Wednesday, August 13, 2008

A Nation of (Scoff)Laws

In a speech to the American Bar Association where he announced that there would be no prosecutions against members of the Bush administration for politicizing the Justice Department -- including unethical firings of U.S. Attorneys, hiring of career Justice posts on the basis of political affiliation, and selective prosecutions designed to harrass Democrats -- Attorney General Michael Mukasey said that he did not see any crimes to prosecute. “Not every wrong, or even every violation of the law, is a crime,” he said. In any case, the wrongdoers have been punished, he claimed, by “substantial negative publicity.”

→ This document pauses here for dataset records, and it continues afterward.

(* Let $W$ be the complement of the right-handed Whitehead link with its standard ideal triangulation $\mathcal{T}_W$ by four ideal tetrahedra $\sigma_0,\dots,\sigma_3$, and let normal $Q$-coordinates be ordered as $(q_0,q_0',q_0'',q_1,q_1',q_1'',q_2,q_2',q_2'',q_3,q_3',q_3'')\in\mathbb{R}^{12}$. Define linear functionals $$\nu(\mathcal{M}_0)=q_1-q_1''+q_2'-q_2''-q_3+q_3',\qquad \nu(\mathcal{L}_0^t)=-2q_1'+2q_1''-2q_2'+2q_2'',$$ $$\nu(\mathcal{M}_1)=q_0-q_0'-q_1'+q_1''-q_3+q_3'',\qquad \nu(\mathcal{L}_1^t)=-2q_0'+2q_0''-2q_2'+2q_2'',$$ and for $N\in\mathbb{R}^{12}$ let $\beta(N)=(\nu(\mathcal{L}_0^t)(N),-\nu(\mathcal{M}_0)(N),\nu(\mathcal{L}_1^t)(N),-\nu(\mathcal{M}_1)(N))$. Let $V_1,V_2,V_3,V_4\in\mathbb{R}^{12}$ be the vectors whose only nonzero coordinates are equal to $1$ and are, respectively, $\{q_0,q_2\}$, $\{q_1,q_2\}$, $\{q_1,q_3\}$, $\{q_0,q_3\}$. Let $S,S'$ be embedded spun-normal surfaces in $W$ with respect to $\mathcal{T}_W$, with normal $Q$-coordinates $N(S),N(S')$. If $N(S)$ is not a nonnegative linear combination of $V_1,V_2,V_3,V_4$ and $\beta(N(S))=\beta(N(S'))$, then $N(S)=N(S')$; that is, $S$ is uniquely determined (up to normal isotopy and adding or removing vertex-linking components) by its transversely oriented boundary curves.
   Context: $\mathcal{T}_W$ is the four-tetrahedron ideal triangulation of $W$ obtained by subdividing an ideal octahedron (triangulation m129:#2 of Regina's cusped census); $W$ has two cusps, cusp 0 and cusp 1, with meridians $\mathcal{M}_i$ and null-homologous longitudes $\mathcal{L}_i^t$. A (spun-)normal surface meets each ideal tetrahedron in normal triangles and quadrilaterals, possibly infinitely many triangles near the cusps. For each tetrahedron $\sigma_i$ the three quadrilateral types are $q_i,q_i',q_i''$, separating its vertices as $01/23$, $03/12$, $02/13$ respectively; $N(S)(q)$ counts quadrilaterals of type $q$ in $S$. The normal $Q$-coordinates of embedded spun-normal surfaces are exactly the integer vectors $N\ge 0$ that are admissible (in each tetrahedron at most one of the three quadrilateral coordinates is nonzero) and satisfy the $Q$-matching equations, which for $\mathcal{T}_W$ are equivalent to $$0=q_0'-q_0''+q_1'-q_1''+q_2'-q_2''+q_3'-q_3'',\qquad 0=q_0-q_0'+q_1-q_1'-q_2+q_2'-q_3+q_3';$$ and $N(S)$ determines $S$ up to normal isotopy and adding or removing vertex-linking surfaces (normal surfaces made of triangles only). The vector $\beta(N(S))$ records the signed intersection numbers of $S$ with the peripheral curves, i.e.\ the transversely oriented boundary curves of $S$. The nonnegative combinations of $V_1,\dots,V_4$ projectivise to the ''centre square'' of the projective admissible solution space. *)

From mathcomp Require Import all_boot all_order all_algebra.
From mathcomp Require Import reals.
Set Implicit Arguments. Unset Strict Implicit. Unset Printing Implicit Defensive.
Import Order.TTheory GRing.Theory Num.Theory.
Local Open Scope ring_scope.

Definition qI (k : nat) : 'I_12 := inord (3 * k).
Definition qI' (k : nat) : 'I_12 := inord (3 * k + 1).
Definition qI'' (k : nat) : 'I_12 := inord (3 * k + 2).

Section Coords.
Variable (T : Type).
Definition q (N : 'rV[T]_12) k := N ord0 (qI k).
Definition q' (N : 'rV[T]_12) k := N ord0 (qI' k).
Definition q'' (N : 'rV[T]_12) k := N ord0 (qI'' k).
End Coords.

Definition nuM0 (N : 'rV[int]_12) : int :=
  q N 1 - q'' N 1 + q' N 2 - q'' N 2 - q N 3 + q' N 3.
Definition nuL0 (N : 'rV[int]_12) : int :=
  - 2 * q' N 1 + 2 * q'' N 1 - 2 * q' N 2 + 2 * q'' N 2.
Definition nuM1 (N : 'rV[int]_12) : int :=
  q N 0 - q' N 0 - q' N 1 + q'' N 1 - q N 3 + q'' N 3.
Definition nuL1 (N : 'rV[int]_12) : int :=
  - 2 * q' N 0 + 2 * q'' N 0 - 2 * q' N 2 + 2 * q'' N 2.

Definition beta (N : 'rV[int]_12) : int * int * int * int :=
  (nuL0 N, - nuM0 N, nuL1 N, - nuM1 N).

Definition admissible (N : 'rV[int]_12) : Prop :=
  forall k : 'I_4,
    [|| (q N k == 0) && (q' N k == 0),
        (q N k == 0) && (q'' N k == 0)
      | (q' N k == 0) && (q'' N k == 0)].

Definition Q_matching (N : 'rV[int]_12) : Prop :=
  q' N 0 - q'' N 0 + q' N 1 - q'' N 1 + q' N 2 - q'' N 2 + q' N 3 - q'' N 3 = 0
  /\ q N 0 - q' N 0 + q N 1 - q' N 1 - q N 2 + q' N 2 - q N 3 + q' N 3 = 0.

(* Normal Q-coordinates of an embedded spun-normal surface in W w.r.t. T_W:
   nonnegative, admissible integer solutions of the Q-matching equations. *)
Definition spun_normal_Q (N : 'rV[int]_12) : Prop :=
  (forall i : 'I_12, 0 <= N ord0 i) /\ admissible N /\ Q_matching N.

(* V_1..V_4 (indexed 0..3): supports {q0,q2}, {q1,q2}, {q1,q3}, {q0,q3} *)
Definition Vsupp (j : 'I_4) : 'I_12 * 'I_12 :=
  match nat_of_ord j with
  | 0 => (qI 0, qI 2)
  | 1 => (qI 1, qI 2)
  | 2 => (qI 1, qI 3)
  | _ => (qI 0, qI 3)
  end.

Definition V (R : nzRingType) (j : 'I_4) : 'rV[R]_12 :=
  \row_i (((i == (Vsupp j).1) || (i == (Vsupp j).2))%:R).

Definition in_centre_cone (R : realType) (N : 'rV[int]_12) : Prop :=
  exists a : 'I_4 -> R, (forall j, 0 <= a j) /\
    map_mx (fun z : int => z%:~R) N = \sum_(j < 4) a j *: V R j.

From mathcomp Require Import all_boot all_order all_algebra.
From mathcomp Require Import reals zify.
Import Order.TTheory GRing.Theory Num.Theory.

(* An admissible nonnegative triple (q, q', q'') is determined by d = q' - q''
   and p = q - q', and in the coordinates (p_k, d_k) both the Q-matching
   equations and beta are linear: two solutions with the same beta differ by
   w(1,1,1,1) in p and by e(1,1,-1,-1) in d.  If e <> 0, say e > 0 after
   exchanging the two solutions, then in each tetrahedron the sign of w forces
   the sign of p or of d on one side, and these signs contradict the second
   matching equation (w <> 0) or the first one (w = 0).  Hence e = 0, so q' and
   q'' agree and q is shifted by the constant w; if w <> 0, no tetrahedron of N
   carries a q' or q'' quadrilateral, i.e. N lies in the centre cone. *)

Set Implicit Arguments.
Unset Strict Implicit.
Unset Printing Implicit Defensive.

Local Open Scope ring_scope.

Lemma qI_val k : (k < 4)%N -> qI k = (3 * k)%N :> nat.
Proof. by move=> lt_k4; rewrite /qI inordK //; lia. Qed.

Lemma qI'_val k : (k < 4)%N -> qI' k = (3 * k + 1)%N :> nat.
Proof. by move=> lt_k4; rewrite /qI' inordK //; lia. Qed.

Lemma qI''_val k : (k < 4)%N -> qI'' k = (3 * k + 2)%N :> nat.
Proof. by move=> lt_k4; rewrite /qI'' inordK //; lia. Qed.

Lemma eq_qI k m : (k < 4)%N -> (m < 4)%N -> (qI k == qI m) = (k == m).
Proof. by move=> lt_k4 lt_m4; rewrite -val_eqE /= !qI_val //; lia. Qed.

Lemma eq_qI'_qI k m : (k < 4)%N -> (m < 4)%N -> (qI' k == qI m) = false.
Proof. by move=> lt_k4 lt_m4; rewrite -val_eqE /= qI_val // qI'_val //; lia. Qed.

Lemma eq_qI''_qI k m : (k < 4)%N -> (m < 4)%N -> (qI'' k == qI m) = false.
Proof. by move=> lt_k4 lt_m4; rewrite -val_eqE /= qI_val // qI''_val //; lia. Qed.

Lemma ord12_cases (i : 'I_12) :
  [\/ i = qI (i %/ 3), i = qI' (i %/ 3) | i = qI'' (i %/ 3)].
Proof.
have lt_i12 := ltn_ord i; have : (i %% 3 < 3)%N by rewrite ltn_mod.
case: (ltnP (i %% 3) 1) => [mod0 | mod_ge1] _; [apply: Or31 | ].
  by apply/val_inj; rewrite /= qI_val; lia.
case: (ltnP (i %% 3) 2) => [mod1 | mod2]; [apply: Or32 | apply: Or33];
  by apply/val_inj; rewrite /= ?qI'_val ?qI''_val; lia.
Qed.

Lemma row12_eq (T : Type) (X Y : 'rV[T]_12) :
  (forall k, (k < 4)%N -> [/\ q X k = q Y k, q' X k = q' Y k & q'' X k = q'' Y k]) ->
  X = Y.
Proof.
move=> eqXY; apply/rowP => i.
have [eq_q eq_q' eq_q''] : [/\ q X (i %/ 3) = q Y (i %/ 3), q' X (i %/ 3) = q' Y (i %/ 3)
   & q'' X (i %/ 3) = q'' Y (i %/ 3)] by apply: eqXY; have := ltn_ord i; lia.
by case: (ord12_cases i) => ->.
Qed.

Definition adm_triple (a b c : int) :=
  [&& 0 <= a, 0 <= b, 0 <= c &
      [|| (a == 0) && (b == 0), (a == 0) && (c == 0) | (b == 0) && (c == 0)]].

Lemma adm_triple_spun N k :
  spun_normal_Q N -> (k < 4)%N -> adm_triple (q N k) (q' N k) (q'' N k).
Proof.
by move=> [N_ge0 [admN _]] lt_k4; rewrite /adm_triple !N_ge0; apply: (admN (Ordinal lt_k4)).
Qed.

Lemma adm_triple_eq (a b c x y z : int) :
  adm_triple a b c -> adm_triple x y z -> b - c = y - z -> b = y /\ c = z.
Proof. rewrite /adm_triple; lia. Qed.

Lemma adm_triple_quad0 (a b c : int) : adm_triple a b c -> a != 0 -> b = 0 /\ c = 0.
Proof. rewrite /adm_triple; lia. Qed.

Section Raise.

Variables (a b c x y z e w : int).
Hypotheses (low : adm_triple a b c) (up : adm_triple x y z) (e_gt0 : 0 < e).
Hypotheses (raise_d : y - z = b - c + e) (raise_p : x - y = a - b + w).

Lemma raise_gt0 : 0 < w -> a - b = 0.
Proof. by move: low up; rewrite /adm_triple; lia. Qed.

Lemma raise_lt0 : w < 0 -> x - y < 0.
Proof. by move: low up; rewrite /adm_triple; lia. Qed.

Lemma raise_eq0 : w = 0 -> y - z <= 0.
Proof. by move: low up; rewrite /adm_triple; lia. Qed.

End Raise.

Definition dcoord (N : 'rV[int]_12) k := q' N k - q'' N k.
Definition pcoord (N : 'rV[int]_12) k := q N k - q' N k.

Definition shifted (N N' : 'rV[int]_12) (e w : int) :=
  forall k, (k < 4)%N ->
    dcoord N' k = dcoord N k + (if (k < 2)%N then e else - e) /\
    pcoord N' k = pcoord N k + w.

Lemma shifted_sym N N' e w : shifted N N' e w -> shifted N' N (- e) (- w).
Proof.
move=> sh k /sh[]; rewrite /dcoord /pcoord => -> ->.
by case: ifP => _; split; lia.
Qed.

Lemma same_beta_shifted N N' :
  Q_matching N -> Q_matching N' -> beta N = beta N' ->
  shifted N N' (dcoord N' 0 - dcoord N 0) (pcoord N' 0 - pcoord N 0).
Proof.
move=> [m1 m2] [m1' m2'] [L0 M0 L1 M1].
move: L0 M0 L1 M1; rewrite /nuL0 /nuM0 /nuL1 /nuM1 /shifted /dcoord /pcoord.
by move=> L0 M0 L1 M1 [|[|[|[|k]]]] //= _; lia.
Qed.

Lemma no_positive_shift N N' e w :
  spun_normal_Q N -> spun_normal_Q N' -> shifted N N' e w -> ~ 0 < e.
Proof.
move=> spN spN' sh e_gt0.
have [[_ [_ [m1 m2]]] [_ [_ [m1' m2']]]] := (spN, spN').
have sh01 k : (k < 2)%N -> dcoord N' k = dcoord N k + e /\ pcoord N' k = pcoord N k + w.
  by move=> lt_k2; have := sh k; rewrite lt_k2; apply; lia.
have sh23 k : (2 <= k < 4)%N -> dcoord N k = dcoord N' k + e /\ pcoord N k = pcoord N' k - w.
  move=> /andP[ge_k2 lt_k4]; have [] := sh k lt_k4.
  by rewrite ltnNge ge_k2 /dcoord /pcoord /= => d_k p_k; split; lia.
have adm k (lt_k4 : (k < 4)%N) := (adm_triple_spun spN lt_k4, adm_triple_spun spN' lt_k4).
have [[d0 p0] [d1 p1]] := (sh01 0%N isT, sh01 1%N isT).
have [[d2 p2] [d3 p3]] := (sh23 2%N isT, sh23 3%N isT).
have [[a0 a0'] [a1 a1']] := (adm 0%N isT, adm 1%N isT).
have [[a2 a2'] [a3 a3']] := (adm 2%N isT, adm 3%N isT).
rewrite /dcoord /pcoord in d0 p0 d1 p1 d2 p2 d3 p3.
case: (ltgtP w 0) => [w_lt0 | w_gt0 | w_eq0].
- have := raise_lt0 a0 a0' e_gt0 d0 p0 w_lt0; have := raise_lt0 a1 a1' e_gt0 d1 p1 w_lt0.
  have := raise_gt0 a2' a2 e_gt0 d2 p2; have := raise_gt0 a3' a3 e_gt0 d3 p3.
  rewrite oppr_gt0; lia.
- have := raise_gt0 a0 a0' e_gt0 d0 p0 w_gt0; have := raise_gt0 a1 a1' e_gt0 d1 p1 w_gt0.
  have := raise_lt0 a2' a2 e_gt0 d2 p2; have := raise_lt0 a3' a3 e_gt0 d3 p3.
  rewrite oppr_lt0; lia.
- have := raise_eq0 a0 a0' e_gt0 d0 p0 w_eq0; have := raise_eq0 a1 a1' e_gt0 d1 p1 w_eq0.
  have := raise_eq0 a2' a2 e_gt0 d2 p2; have := raise_eq0 a3' a3 e_gt0 d3 p3.
  rewrite w_eq0 oppr0; lia.
Qed.

Lemma spun_shift0 N N' e w :
  spun_normal_Q N -> spun_normal_Q N' -> shifted N N' e w -> e = 0.
Proof.
move=> spN spN' sh; case: (ltgtP e 0) => // [e_lt0 | e_gt0].
  by case: (no_positive_shift spN' spN (shifted_sym sh)); rewrite oppr_gt0.
by case: (no_positive_shift spN spN' sh).
Qed.

(* The casts [:> int] fix the implicit type of [q] to the one used in
   [Q_matching], so that [lia] identifies the atoms [q N k]. *)
Lemma in_centre_cone_weights (R : realType) N (x1 x2 x3 x4 : int) :
  0 <= x1 -> 0 <= x2 -> 0 <= x3 -> 0 <= x4 ->
  q N 0 = x1 + x4 :> int -> q N 1 = x2 + x3 :> int ->
  q N 2 = x1 + x2 :> int -> q N 3 = x3 + x4 :> int ->
  (forall k, (k < 4)%N -> q' N k = 0 /\ q'' N k = 0) ->
  in_centre_cone R N.
Proof.
move=> x1_ge0 x2_ge0 x3_ge0 x4_ge0 e0 e1 e2 e3 no_quads.
exists (fun j : 'I_4 => ([:: x1; x2; x3; x4]`_j)%:~R); split.
  by case=> [[|[|[|[|m]]]] lt_m4] //=; rewrite ler0z.
apply: row12_eq => k lt_k4; have [z' z''] := no_quads k lt_k4.
move: z' z'' e0 e1 e2 e3; rewrite /q /q' /q'' !mxE !summxE !big_ord_recr big_ord0 /= !mxE /=.
rewrite !big_ord0 !eq_qI'_qI // !eq_qI''_qI //= => -> -> e0 e1 e2 e3.
rewrite !mulr0 !addr0; split=> //.
case: k lt_k4 => [|[|[|[|//]]]] _; rewrite !eq_qI //= ?e0 ?e1 ?e2 ?e3 intrD;
  by rewrite !(mulr1, mulr0, addr0, add0r).
Qed.

Lemma centre_cone_of_no_quads (R : realType) N :
  spun_normal_Q N -> (forall k, (k < 4)%N -> q' N k = 0 /\ q'' N k = 0) ->
  in_centre_cone R N.
Proof.
move=> [N_ge0 [_ [_ m2]]] no_quads.
have [[z0 _] [z1 _]] := (no_quads 0%N isT, no_quads 1%N isT).
have [[z2 _] [z3 _]] := (no_quads 2%N isT, no_quads 3%N isT).
have [q0_ge0 q1_ge0 q2_ge0 q3_ge0] : [/\ 0 <= q N 0, 0 <= q N 1, 0 <= q N 2 & 0 <= q N 3].
  by split; apply: N_ge0.
rewrite z0 z1 z2 z3 in m2.
have [le_q0q2 | lt_q2q0] := lerP (q N 0) (q N 2).
  apply: (@in_centre_cone_weights R N (q N 0) (q N 2 - q N 0) (q N 3) 0) => //; lia.
by apply: (@in_centre_cone_weights R N (q N 2) 0 (q N 1) (q N 0 - q N 2)) => //; lia.
Qed.

Lemma unshifted_quads_eq N N' w :
  spun_normal_Q N -> spun_normal_Q N' -> shifted N N' 0 w ->
  forall k, (k < 4)%N -> [/\ q N' k = q N k + w, q' N' k = q' N k & q'' N' k = q'' N k].
Proof.
move=> spN spN' sh k lt_k4; have [d_k p_k] := sh k lt_k4.
have [eq_q' eq_q''] : q' N' k = q' N k /\ q'' N' k = q'' N k.
  apply: adm_triple_eq (adm_triple_spun spN' lt_k4) (adm_triple_spun spN lt_k4) _.
  by move: d_k; rewrite /dcoord oppr0 if_same addr0.
by split=> //; move: p_k; rewrite /pcoord eq_q'; lia.
Qed.

Lemma shifted_quads0 N N' w :
  spun_normal_Q N -> spun_normal_Q N' ->
  (forall k, (k < 4)%N -> [/\ q N' k = q N k + w, q' N' k = q' N k & q'' N' k = q'' N k]) ->
  w != 0 -> forall k, (k < 4)%N -> q' N k = 0 /\ q'' N k = 0.
Proof.
move=> spN spN' same_quads w_neq0 k lt_k4.
have [eq_q eq_q' eq_q''] := same_quads k lt_k4.
have [tN tN'] := (adm_triple_spun spN lt_k4, adm_triple_spun spN' lt_k4).
rewrite eq_q' eq_q'' in tN'.
have [q_eq0 | q_neq0] := eqVneq (q N k) 0; last exact: adm_triple_quad0 tN q_neq0.
by apply: adm_triple_quad0 tN' _; rewrite eq_q q_eq0 add0r.
Qed.

Theorem mainTheorem5 (R : realType) (N N' : 'rV[int]_12) :
  spun_normal_Q N -> spun_normal_Q N' ->
  ~ in_centre_cone R N ->
  beta N = beta N' ->
  N = N'.
Proof.
move=> spN spN' not_cone eq_beta.
have [[_ [_ matchN]] [_ [_ matchN']]] := (spN, spN').
move: (same_beta_shifted matchN matchN' eq_beta).
move: (dcoord N' 0 - _) (pcoord N' 0 - _) => e w sh.
have e0 := spun_shift0 spN spN' sh; rewrite e0 in sh.
have same_quads := unshifted_quads_eq spN spN' sh.
have w0 : w = 0.
  apply: contra_not_eq not_cone => w_neq0.
  exact/centre_cone_of_no_quads/(shifted_quads0 spN spN' same_quads).
apply: row12_eq => k /same_quads[eq_q eq_q' eq_q''].
by rewrite eq_q eq_q' eq_q'' w0 addr0.
Qed.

For its sheer audacity, Mukasey's main quote bears repeating: "Not every wrong, or even every violation of the law, is a crime."

This is not language that sounds remotely like the chief law enforcement officer in the country. This isn't even legalese. This is "Johnny Cochrane-ese." Sure, it is sometimes true that a person who kills another person is not guilty of a crime. Sure, if I spit on the sidewalk, or speed when the cops aren't looking, or write my cable bill off on my taxes, I might be violating the law, but really: did I commit "a crime?"

Still, Kenneth Starr heard Bill Clinton lie about getting a BJ from an intern in the White House, and decided THAT was a crime for which he deserved to be impeached. But, if Bush/Cheney authorize their military to commit unspeakable acts against Gitmo detainees, or look the other way while CIA interrogators go to the "dark side" with terrorism suspects, or direct their former White House counsel and Attorney General to make sure that no Democrat or progressive thinker or homosexual or environmental activist ever sees the inside of the Justice Department building, then Mukasey and Nancy Pelosi see no crimes to prosecute.

I thought it an appropriate time to look at the Preamble to our Constitution:

We the People of the United States, in Order to form a more perfect Union, establish Justice, insure domestic Tranquility, provide for the common defense, promote the general Welfare, and secure the Blessings of Liberty to ourselves and our Posterity, do ordain and establish this Constitution for the United States of America.

"in Order to form a more perfect Union"
"establish Justice"
"insure domestic Tranquility"
"secure the Blessings of Liberty to ourselves and our Posterity"

Take a moment and look at the words that are capitalized. Order, Union, Justice, Tranquility, Welfare, Blessings, Liberty, Posterity. It is no coincidence that the word "defense" is not capitalized, but I digress. The capitalized words speak to Peace and to Freedom, to a relationship with a Creator who endowed us with inalienable rights. The framers followed this Preamble up with brilliantly crafted laws which mandated checks and balances, firmly believing in the honor of the men who would legislate, enforce and interpret those laws while acknowledging the humanity inherent in the temptation to bend, stretch, or break those laws. They did not leave room for the possibility that law-breakers would be able to escape without consequence. But, here we are.

The Bush administration, the Speaker of the House, and others who find themselves unable to adhere to the letter of the law or fail to prosecute law-breakers, instead hiding behind a shroud of "national security" or "unitary executive" or "state secrets," have succeeded in publicly trashing the most revered legal document in human history.

We voted for them, and we ought to be ashamed of ourselves. We the People of the United States.